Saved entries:
○ ○ ○ ○ ○ ○ ○
Definition weight (Wn M N : nat) (Pm : 'I_M -> 'I_Wn.+1 -> R)
  (beta : 'I_N -> 'I_M -> R) (w : 'I_Wn.+1)
  (s : {ffun 'I_N -> 'I_M}) (x : {ffun 'I_N -> bool}) : R :=
  \prod_(n < N) (Pm (s n) w * (if x n then beta n (s n) else 1 - beta n (s n))).

Definition condE (Wn M N : nat) (Pm : 'I_M -> 'I_Wn.+1 -> R)
  (beta : 'I_N -> 'I_M -> R) (w : 'I_Wn.+1) (g : {ffun 'I_N -> bool} -> R) : R :=
  \sum_(s : {ffun 'I_N -> 'I_M}) \sum_(x : {ffun 'I_N -> bool})
     weight Pm beta w s x * g x.

Definition votesA (N : nat) (x : {ffun 'I_N -> bool}) : R := \sum_(n < N) (x n)%:R.

Definition lamA Wn M N Pm beta (mu : R) w : R :=
  @condE Wn M N Pm beta w (fun x => if mu * N%:R <= votesA x then 1 else 0).
Definition lamR Wn M N Pm beta (mu : R) w : R :=
  @condE Wn M N Pm beta w (fun x => if mu * N%:R <= votesA x then 0 else 1).

Definition fidelity Wn M N (Pw : 'I_Wn.+1 -> R) Pm beta (mu : R)
  (alpha : 'I_Wn.+1 -> R) : R :=
  \sum_(w | alpha w < mu) Pw w * @lamR Wn M N Pm beta mu w
  + \sum_(w | mu < alpha w) Pw w * @lamA Wn M N Pm beta mu w.

Definition fA Wn M N Pm beta (mu : R) w : R :=
  N%:R^-1 * \sum_(n < N) @condE Wn M N Pm beta w (fun x => (x n)%:R) - mu.
Definition fR Wn M N Pm beta (mu : R) w : R :=
  N%:R^-1 * \sum_(n < N) @condE Wn M N Pm beta w (fun x => 1 - (x n)%:R)
  - (1 - mu).

(* f^N = min( min_{w in H} fA_w , min_{w in L} fR_w ); since alpha_w <> mu
   every state is in exactly one of H, L, so this is the min over all states of
   the per-state term below. *)
Definition fterm Wn M N Pm beta (mu : R) (alpha : 'I_Wn.+1 -> R) w : R :=
  if mu < alpha w then @fA Wn M N Pm beta mu w else @fR Wn M N Pm beta mu w.
Definition excess Wn M N Pm beta (mu : R) (alpha : 'I_Wn.+1 -> R) : R :=
  \big[Num.min/@fterm Wn M N Pm beta mu alpha ord0]_(w < Wn.+1)
     @fterm Wn M N Pm beta mu alpha w.

Definition varA Wn M N Pm beta w : R :=
  @condE Wn M N Pm beta w (fun x => votesA x ^+ 2)
  - (@condE Wn M N Pm beta w (fun x => votesA x)) ^+ 2.

End Game.

(* Conditionally on the state w the votes are independent Bernoulli variables
   with parameters q_n = sum_m P_mw beta_nm, and the decision is wrong in w
   exactly when the centred vote count S, oriented towards the wrong outcome,
   reaches the margin T_w = N f_w.  As Var S <= N / 4, Cantelli's inequality
   gives P(wrong) <= N / (4 T_w^2) when T_w > 0, which yields (i) once
   sqrt N f^N -> oo, and P(wrong) >= 4 T_w^2 / (N + 4 T_w^2) when T_w < 0,
   which yields (ii) in a state attaining f^N.  In (iii) the margin is only
   O(sqrt N) while Var S >= psi N: the Paley-Zygmund inequality for the
   exponential tilt e^(u S), u of order 1 / sqrt (Var S), shows that S exceeds
   a fixed multiple of its standard deviation with probability bounded below. *)

From HB Require Import structures.
From mathcomp Require Import all_boot all_order all_algebra.
From mathcomp Require Import reals sequences exp.
From mathcomp Require Import ring lra.
Import Order.TTheory GRing.Theory Num.Theory.
Local Open Scope ring_scope.
Set Implicit Arguments. Unset Strict Implicit. Unset Printing Implicit Defensive.

Section ExpBounds.
Variable R : realType.
Implicit Types z a : R.

Lemma expR_ge_quadratic z : -2 <= z -> 1 + z + z ^+ 2 / 4 <= expR z.
Proof.
move=> z_ge.
have -> : expR z = expR (z / 2) * expR (z / 2) by rewrite -expRD; congr expR; lra.
have -> : 1 + z + z ^+ 2 / 4 = (1 + z / 2) * (1 + z / 2) by rewrite expr2; field.
by apply: ler_pM; [lra | lra | exact: expR_ge1Dx | exact: expR_ge1Dx].
Qed.

Lemma expR_mul_le1 z a : a <= expR (- z) -> expR z * a <= 1.
Proof.
move=> a_le; have ez0 := expR_gt0 z.
rewrite -[X in _ <= X](mulfV (lt0r_neq0 ez0)) -expRN.
by apply: ler_wpM2l; [exact: ltW |].
Qed.

Lemma expR_le_quadratic z : -1 <= z <= 1 -> expR z <= 1 + z + 2 * z ^+ 2.
Proof.
case/andP=> z_ge z_le.
have low := expR_ge_quadratic (z := - z) ltac:(lra).
have low_gt0 : 0 < 1 + - z + (- z) ^+ 2 / 4.
  have -> : 1 + - z + (- z) ^+ 2 / 4 = (1 - z / 2) ^+ 2 by rewrite !expr2; field.
  by apply: exprn_gt0; lra.
have prod_ge1 : 1 <= (1 + z + 2 * z ^+ 2) * (1 + - z + (- z) ^+ 2 / 4).
  have -> : (1 + z + 2 * z ^+ 2) * (1 + - z + (- z) ^+ 2 / 4) =
     1 + z ^+ 2 * ((1 - z) * (5 / 4 - z / 2)) by rewrite !expr2; field.
  suff : 0 <= z ^+ 2 * ((1 - z) * (5 / 4 - z / 2)) by lra.
  by apply: mulr_ge0; [exact: sqr_ge0 | apply: mulr_ge0; lra].
have := expR_mul_le1 low; have := expR_gt0 z; nra.
Qed.

Lemma expR_half_le a : 0 <= a <= 1 -> expR (a / 2) <= 1 + a.
Proof.
case/andP=> a_ge0 a_le1.
have := expR_mul_le1 (expR_ge1Dx (- (a / 2))); have := expR_gt0 (a / 2); nra.
Qed.

End ExpBounds.

Section BernoulliProduct.
Variables (R : realType) (N : nat) (q : 'I_N -> R).

Definition bern_mass (x : {ffun 'I_N -> bool}) : R :=
  \prod_n (if x n then q n else 1 - q n).

Definition bernE (g : {ffun 'I_N -> bool} -> R) : R := \sum_x bern_mass x * g x.

Definition bernP (A : {ffun 'I_N -> bool} -> bool) : R :=
  bernE (fun x => if A x then 1 else 0).

Definition coordE n (h : bool -> R) : R := q n * h true + (1 - q n) * h false.

Definition var_sum (d : 'I_N -> bool -> R) : R := \sum_n coordE n (fun b => d n b ^+ 2).

Lemma bernE_prod (g : 'I_N -> bool -> R) :
  bernE (fun x => \prod_n g n (x n)) = \prod_n coordE n (g n).
Proof.
rewrite /bernE /bern_mass.
transitivity (\prod_n \sum_(b : bool) ((if b then q n else 1 - q n) * g n b)).
  by rewrite bigA_distr_bigA; apply: eq_bigr => x _; rewrite big_split.
by apply: eq_bigr => n _; rewrite big_bool.
Qed.

Lemma eq_bernE f g : (forall x, f x = g x) -> bernE f = bernE g.
Proof. by move=> fg; apply: eq_bigr => x _; rewrite fg. Qed.

Lemma bernE_sum (I : finType) (F : I -> {ffun 'I_N -> bool} -> R) :
  bernE (fun x => \sum_i F i x) = \sum_i bernE (F i).
Proof. by rewrite /bernE exchange_big; apply: eq_bigr => x _; rewrite mulr_sumr. Qed.

Lemma bernED f g : bernE (fun x => f x + g x) = bernE f + bernE g.
Proof. by rewrite /bernE -big_split; apply: eq_bigr => x _; rewrite mulrDr. Qed.

Lemma bernEZ c f : bernE (fun x => c * f x) = c * bernE f.
Proof. by rewrite /bernE mulr_sumr; apply: eq_bigr => x _; rewrite mulrCA. Qed.

Lemma bernEN f : bernE (fun x => - f x) = - bernE f.
Proof. by rewrite -mulN1r -bernEZ; apply: eq_bernE => x; rewrite mulN1r. Qed.

Lemma bernE1 : bernE (fun _ => 1) = 1.
Proof.
transitivity (\prod_n coordE n (fun _ => 1)).
  by rewrite -(bernE_prod (fun _ _ => 1)); apply: eq_bernE => x; rewrite big1.
by apply: big1 => n _; rewrite /coordE; ring.
Qed.

Lemma bernE_cst c : bernE (fun _ => c) = c.
Proof.
transitivity (bernE (fun _ => c * 1)); first by apply: eq_bernE => x; rewrite mulr1.
by rewrite bernEZ bernE1 mulr1.
Qed.

Lemma bernE_coord i (h : bool -> R) : bernE (fun x => h (x i)) = coordE i h.
Proof.
pose g n := if n == i then h else fun _ => 1.
have gE x : \prod_n g n (x n) = h (x i).
  by rewrite (bigD1 i) //= /g eqxx big1 ?mulr1 // => n /negbTE ->.
rewrite -(eq_bernE gE) bernE_prod (bigD1 i) //= /g eqxx big1 ?mulr1 // => n /negbTE ->.
by rewrite /coordE; ring.
Qed.

Lemma bernE_coord2 i j (h k : bool -> R) : i != j ->
  bernE (fun x => h (x i) * k (x j)) = coordE i h * coordE j k.
Proof.
move=> ij; pose g n := if n == i then h else if n == j then k else fun _ => 1.
have [gi gj] : g i = h /\ g j = k by rewrite /g eqxx eq_sym (negbTE ij) eqxx.
have g1 n : n != i -> n != j -> g n = fun _ => 1 by rewrite /g => /negbTE -> /negbTE ->.
have gE x : \prod_n g n (x n) = h (x i) * k (x j).
  rewrite (bigD1 i) //= (bigD1 j) 1?eq_sym //= gi gj big1 ?mulr1 // => n /andP[ni nj].
  by rewrite g1.
rewrite -(eq_bernE gE) bernE_prod (bigD1 i) //= (bigD1 j) 1?eq_sym //= gi gj.
rewrite big1 ?mulr1 // => n /andP[ni nj]; rewrite g1 // /coordE; ring.
Qed.

(* The cross terms vanish by independence, as every summand is centred. *)
Lemma bernE_sqr_sum (d : 'I_N -> bool -> R) : (forall n, coordE n (d n) = 0) ->
  bernE (fun x => (\sum_n d n (x n)) ^+ 2) = var_sum d.
Proof.
move=> d_centred.
rewrite (eq_bernE (g := fun x => \sum_i \sum_j d i (x i) * d j (x j))); last first.
  by move=> x; rewrite expr2 mulr_suml; apply: eq_bigr => i _; rewrite mulr_sumr.
rewrite bernE_sum; apply: eq_bigr => i _.
rewrite bernE_sum (bigD1 i) //= big1 ?addr0 => [|j ji].
  by rewrite -bernE_coord; apply: eq_bernE => x; rewrite expr2.
by rewrite bernE_coord2 1?eq_sym // (d_centred j) mulr0.
Qed.

Lemma coordE_affine n a b c (h : bool -> R) :
  coordE n (fun x => a + b * h x + c * h x ^+ 2) =
  a + b * coordE n h + c * coordE n (fun x => h x ^+ 2).
Proof. by rewrite /coordE; ring. Qed.

Lemma coordEZ n c (h : bool -> R) : coordE n (fun b => c * h b) = c * coordE n h.
Proof. by rewrite /coordE; ring. Qed.

Lemma var_sumZ c d : var_sum (fun n b => c * d n b) = c ^+ 2 * var_sum d.
Proof. by rewrite /var_sum mulr_sumr; apply: eq_bigr => n _; rewrite /coordE !exprMn; ring. Qed.

Lemma bernE_expR_sum (d : 'I_N -> bool -> R) :
  bernE (fun x => expR (\sum_n d n (x n))) = \prod_n coordE n (fun b => expR (d n b)).
Proof. by rewrite -bernE_prod; apply: eq_bernE => x; rewrite expR_sum. Qed.

Lemma bernE_sum_centred (d : 'I_N -> bool -> R) :
  (forall n, coordE n (d n) = 0) -> bernE (fun x => \sum_n d n (x n)) = 0.
Proof. by move=> d0; rewrite bernE_sum big1 // => n _; rewrite bernE_coord. Qed.

Hypothesis q01 : forall n, 0 <= q n <= 1.

Lemma ler_coordE n (h k : bool -> R) :
  (forall b, h b <= k b) -> coordE n h <= coordE n k.
Proof.
move=> hk; have /andP[? ?] := q01 n.
by apply: lerD; apply: ler_wpM2l; rewrite ?hk //; lra.
Qed.

Lemma bern_mass_ge0 x : 0 <= bern_mass x.
Proof. by apply: prodr_ge0 => n _; have /andP[? ?] := q01 n; case: (x n); lra. Qed.

Lemma ler_bernE f g : (forall x, f x <= g x) -> bernE f <= bernE g.
Proof. by move=> fg; apply: ler_sum => x _; apply: ler_wpM2l; [exact: bern_mass_ge0|]. Qed.

Lemma bernE_ge0 f : (forall x, 0 <= f x) -> 0 <= bernE f.
Proof. by move=> f0; rewrite -(bernE_cst 0); exact: ler_bernE. Qed.

Lemma bernP_ge0 A : 0 <= bernP A.
Proof. by apply: bernE_ge0 => x; case: (A x); lra. Qed.

Lemma le_bernP (A B : {ffun 'I_N -> bool} -> bool) :
  (forall x, A x -> B x) -> bernP A <= bernP B.
Proof.
move=> AB; apply: ler_bernE => x.
by case: ifP => [/AB -> | _]; [lra | case: (B x); lra].
Qed.

Lemma bernPC A : bernP A + bernP (fun x => ~~ A x) = 1.
Proof. by rewrite -bernED -[RHS]bernE1; apply: eq_bernE => x; case: (A x) => /=; lra. Qed.

(* Markov's inequality for [(Y + b) ^+ 2] with the optimal shift [b = V / a]. *)
Lemma bernP_cantelli (Y : {ffun 'I_N -> bool} -> R) V a :
  bernE Y = 0 -> bernE (fun x => Y x ^+ 2) <= V -> 0 < a -> 0 < V ->
  bernP (fun x => a <= Y x) <= V / (V + a ^+ 2).
Proof.
move=> EY0 EY2 a0 V0; set b := V / a.
have b0 : 0 < b by rewrite divr_gt0.
have ab0 : 0 < (a + b) ^+ 2 by apply: exprn_gt0; lra.
have markov x : (if a <= Y x then 1 else 0) <=
    ((a + b) ^+ 2)^-1 * (Y x ^+ 2 + (2 * b * Y x + b ^+ 2)).
  have -> : Y x ^+ 2 + (2 * b * Y x + b ^+ 2) = (Y x + b) ^+ 2 by rewrite !expr2; ring.
  case: ifP => aY; last by apply: mulr_ge0; [rewrite invr_ge0 ltW | exact: sqr_ge0].
  rewrite -[X in X <= _](mulVf (lt0r_neq0 ab0)); apply: ler_wpM2l; first by rewrite invr_ge0 ltW.
  by rewrite !expr2; nra.
apply: le_trans (ler_bernE markov) _.
rewrite bernEZ !bernED bernEZ bernE_cst EY0 mulr0 add0r.
have -> : V / (V + a ^+ 2) = ((a + b) ^+ 2)^-1 * (V + b ^+ 2).
  by rewrite /b; field; rewrite !lt0r_neq0 //; nra.
by apply: ler_wpM2l; [rewrite invr_ge0 ltW | lra].
Qed.

Lemma bernP_cantelli_lower (Y : {ffun 'I_N -> bool} -> R) V a :
  bernE Y = 0 -> bernE (fun x => Y x ^+ 2) <= V -> a < 0 -> 0 < V ->
  a ^+ 2 / (V + a ^+ 2) <= bernP (fun x => a < Y x).
Proof.
move=> EY0 EY2 a_lt0 V0.
have ENY0 : bernE (fun x => - Y x) = 0 by rewrite bernEN EY0 oppr0.
have ENY2 : bernE (fun x => (- Y x) ^+ 2) <= V by under eq_bernE do rewrite sqrrN.
have := bernP_cantelli ENY0 ENY2 (_ : 0 < - a) V0; rewrite oppr_gt0 sqrrN => /(_ a_lt0).
have := bernPC (fun x => a < Y x).
have : bernP (fun x => ~~ (a < Y x)) <= bernP (fun x => - a <= - Y x).
  by apply: le_bernP => x; rewrite -leNgt lerN2.
have -> : a ^+ 2 / (V + a ^+ 2) = 1 - V / (V + a ^+ 2).
  by field; rewrite lt0r_neq0 // ltr_pwDl // sqr_ge0.
lra.
Qed.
○ ○ ○ ○ ○ ○ ○
* _EXERCISE REQUIREMENTS_:
A word-for-word copy of the entries, from the first line through the line containing "beta n (s n))).", is the whole answer.

* _EXPECTED OUTPUT_:
Definition weight (Wn M N : nat) (Pm : 'I_M -> 'I_Wn.+1 -> R)
  (beta : 'I_N -> 'I_M -> R) (w : 'I_Wn.+1)
  (s : {ffun 'I_N -> 'I_M}) (x : {ffun 'I_N -> bool}) : R :=
  \prod_(n < N) (Pm (s n) w * (if x n then beta n (s n) else 1 - beta n (s n))).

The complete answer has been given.